▸ WORK REQUEST: Output each entry in full so that the result matches the data exactly.

[[ DATA PROVIDED, beginning ]]

(* Let $\mathcal{A}\subset\mathbb{P}^2\mathbb{C}$ be a line arrangement with $|\mathcal{A}|=12$ all of whose intersection points have multiplicity at most $5$. Suppose the system $\mathbf{S}$ over $\mathbb{F}_2$ admits a non-constant solution. Then each line of $\mathcal{A}$ contains exactly $3$ quadruple points.
   Context: For a prime $p$, the system $\mathbf{S}$ over $\mathbb{F}_p$ is the linear system in unknowns $(\eta_H)_{H\in\mathcal{A}}$, one unknown for each line, with one set of conditions for each intersection point $X$ of $\mathcal{A}$. Let $m_X$ be the number of lines through $X$. If $p\mid m_X$, the condition is $\sum_{H\ni X}\eta_H=0$. If $p\nmid m_X$, the condition is $\eta_H=\eta_K$ for all lines $H,K$ through $X$. A solution is non-constant if not all $\eta_H$ are equal. A quadruple point is a point lying on exactly $4$ lines of $\mathcal{A}$. *)

(* Lines / points of P^2(C) via homogeneous coordinates in algC^3. *)
From HB Require Import structures.
From mathcomp Require Import all_boot all_order all_algebra all_field.
Set Implicit Arguments. Unset Strict Implicit. Unset Printing Implicit Defensive.
Import GRing.Theory Num.Theory.
Local Open Scope ring_scope.

Definition incident (l v : 'rV[algC]_3) : bool := \sum_(k < 3) l 0 k * v 0 k == 0.

Definition line_arrangement (n : nat) (L : 'I_n -> 'rV[algC]_3) : Prop :=
  (forall i, L i != 0) /\ (forall i j (c : algC), L i = c *: L j -> i = j).

Definition lines_through (n : nat) (L : 'I_n -> 'rV[algC]_3) (v : 'rV[algC]_3) : {set 'I_n} :=
  [set i | incident (L i) v].
Definition mult (n : nat) (L : 'I_n -> 'rV[algC]_3) (v : 'rV[algC]_3) : nat :=
  #|lines_through L v|.

Definition intersection_point (n : nat) (L : 'I_n -> 'rV[algC]_3) (v : 'rV[algC]_3) : bool :=
  (v != 0) && (2 <= mult L v)%N.

(* canonical representative of a projective point: first nonzero coordinate is 1 *)
Definition normalized (v : 'rV[algC]_3) : bool :=
  [exists k : 'I_3, (v 0 k == 1) && [forall j : 'I_3, (j < k)%N ==> (v 0 j == 0)]].

Definition solves_S (p n : nat) (L : 'I_n -> 'rV[algC]_3) (eta : 'I_n -> 'F_p) : Prop :=
  forall v, intersection_point L v ->
    if (p %| mult L v)%N then \sum_(i in lines_through L v) eta i = 0
    else forall h k, h \in lines_through L v -> k \in lines_through L v -> eta h = eta k.

Definition nonconstant (p n : nat) (eta : 'I_n -> 'F_p) : Prop :=
  exists h k, eta h <> eta k.

(* Colour the lines by A = {eta = 0} and its complement B.  At the meet X of
   a line of A and a line of B the conditions of S cannot be "all equal", so
   2 | m_X and X carries an even number of B-lines; with m_X <= 5 this leaves
   exactly 2 lines of each colour ("A is balanced").  Fix h in A.  Each
   mixed point on h holds two lines of B and one further line of A, its
   "partner"; double counting the pairs (partner, B-line) gives
   |B| = 2 * #partners(h) < 2 |A|, and symmetrically |A| < 2 |B|.  For
   |A| + |B| = 12 this forces |A| = |B| = 6 and three partners.  The
   quadruple points on h are then exactly the three meets with partners: a
   quadruple point on h with no B-line would need three more A-lines besides
   the partners, which do not fit among the five A-lines other than h. *)

From HB Require Import structures.
From mathcomp Require Import all_boot all_order all_algebra all_field.
From mathcomp Require Import ring zify.
Set Implicit Arguments. Unset Strict Implicit. Unset Printing Implicit Defensive.
Import GRing.Theory Num.Theory.
Local Open Scope ring_scope.

Section Coordinates.
Variable F : fieldType.
Implicit Types l m v w c : 'rV[F]_3.

Definition o0 : 'I_3 := @Ordinal 3 0 isT.
Definition o1 : 'I_3 := @Ordinal 3 1 isT.
Definition o2 : 'I_3 := @Ordinal 3 2 isT.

[[ DATA PROVIDED, end ]]

▸ PROBLEM SOLUTION:
(* Let $\mathcal{A}\subset\mathbb{P}^2\mathbb{C}$ be a line arrangement with $|\mathcal{A}|=12$ all of whose intersection points have multiplicity at most $5$. Suppose the system $\mathbf{S}$ over $\mathbb{F}_2$ admits a non-constant solution. Then each line of $\mathcal{A}$ contains exactly $3$ quadruple points.
   Context: For a prime $p$, the system $\mathbf{S}$ over $\mathbb{F}_p$ is the linear system in unknowns $(\eta_H)_{H\in\mathcal{A}}$, one unknown for each line, with one set of conditions for each intersection point $X$ of $\mathcal{A}$. Let $m_X$ be the number of lines through $X$. If $p\mid m_X$, the condition is $\sum_{H\ni X}\eta_H=0$. If $p\nmid m_X$, the condition is $\eta_H=\eta_K$ for all lines $H,K$ through $X$. A solution is non-constant if not all $\eta_H$ are equal. A quadruple point is a point lying on exactly $4$ lines of $\mathcal{A}$. *)

(* Lines / points of P^2(C) via homogeneous coordinates in algC^3. *)
From HB Require Import structures.
From mathcomp Require Import all_boot all_order all_algebra all_field.
Set Implicit Arguments. Unset Strict Implicit. Unset Printing Implicit Defensive.
Import GRing.Theory Num.Theory.
Local Open Scope ring_scope.

Definition incident (l v : 'rV[algC]_3) : bool := \sum_(k < 3) l 0 k * v 0 k == 0.

Definition line_arrangement (n : nat) (L : 'I_n -> 'rV[algC]_3) : Prop :=
  (forall i, L i != 0) /\ (forall i j (c : algC), L i = c *: L j -> i = j).

Definition lines_through (n : nat) (L : 'I_n -> 'rV[algC]_3) (v : 'rV[algC]_3) : {set 'I_n} :=
  [set i | incident (L i) v].
Definition mult (n : nat) (L : 'I_n -> 'rV[algC]_3) (v : 'rV[algC]_3) : nat :=
  #|lines_through L v|.

Definition intersection_point (n : nat) (L : 'I_n -> 'rV[algC]_3) (v : 'rV[algC]_3) : bool :=
  (v != 0) && (2 <= mult L v)%N.

(* canonical representative of a projective point: first nonzero coordinate is 1 *)
Definition normalized (v : 'rV[algC]_3) : bool :=
  [exists k : 'I_3, (v 0 k == 1) && [forall j : 'I_3, (j < k)%N ==> (v 0 j == 0)]].

Definition solves_S (p n : nat) (L : 'I_n -> 'rV[algC]_3) (eta : 'I_n -> 'F_p) : Prop :=
  forall v, intersection_point L v ->
    if (p %| mult L v)%N then \sum_(i in lines_through L v) eta i = 0
    else forall h k, h \in lines_through L v -> k \in lines_through L v -> eta h = eta k.

Definition nonconstant (p n : nat) (eta : 'I_n -> 'F_p) : Prop :=
  exists h k, eta h <> eta k.

(* Colour the lines by A = {eta = 0} and its complement B.  At the meet X of
   a line of A and a line of B the conditions of S cannot be "all equal", so
   2 | m_X and X carries an even number of B-lines; with m_X <= 5 this leaves
   exactly 2 lines of each colour ("A is balanced").  Fix h in A.  Each
   mixed point on h holds two lines of B and one further line of A, its
   "partner"; double counting the pairs (partner, B-line) gives
   |B| = 2 * #partners(h) < 2 |A|, and symmetrically |A| < 2 |B|.  For
   |A| + |B| = 12 this forces |A| = |B| = 6 and three partners.  The
   quadruple points on h are then exactly the three meets with partners: a
   quadruple point on h with no B-line would need three more A-lines besides
   the partners, which do not fit among the five A-lines other than h. *)

From HB Require Import structures.
From mathcomp Require Import all_boot all_order all_algebra all_field.
From mathcomp Require Import ring zify.
Set Implicit Arguments. Unset Strict Implicit. Unset Printing Implicit Defensive.
Import GRing.Theory Num.Theory.
Local Open Scope ring_scope.

Section Coordinates.
Variable F : fieldType.
Implicit Types l m v w c : 'rV[F]_3.

Definition o0 : 'I_3 := @Ordinal 3 0 isT.
Definition o1 : 'I_3 := @Ordinal 3 1 isT.
Definition o2 : 'I_3 := @Ordinal 3 2 isT.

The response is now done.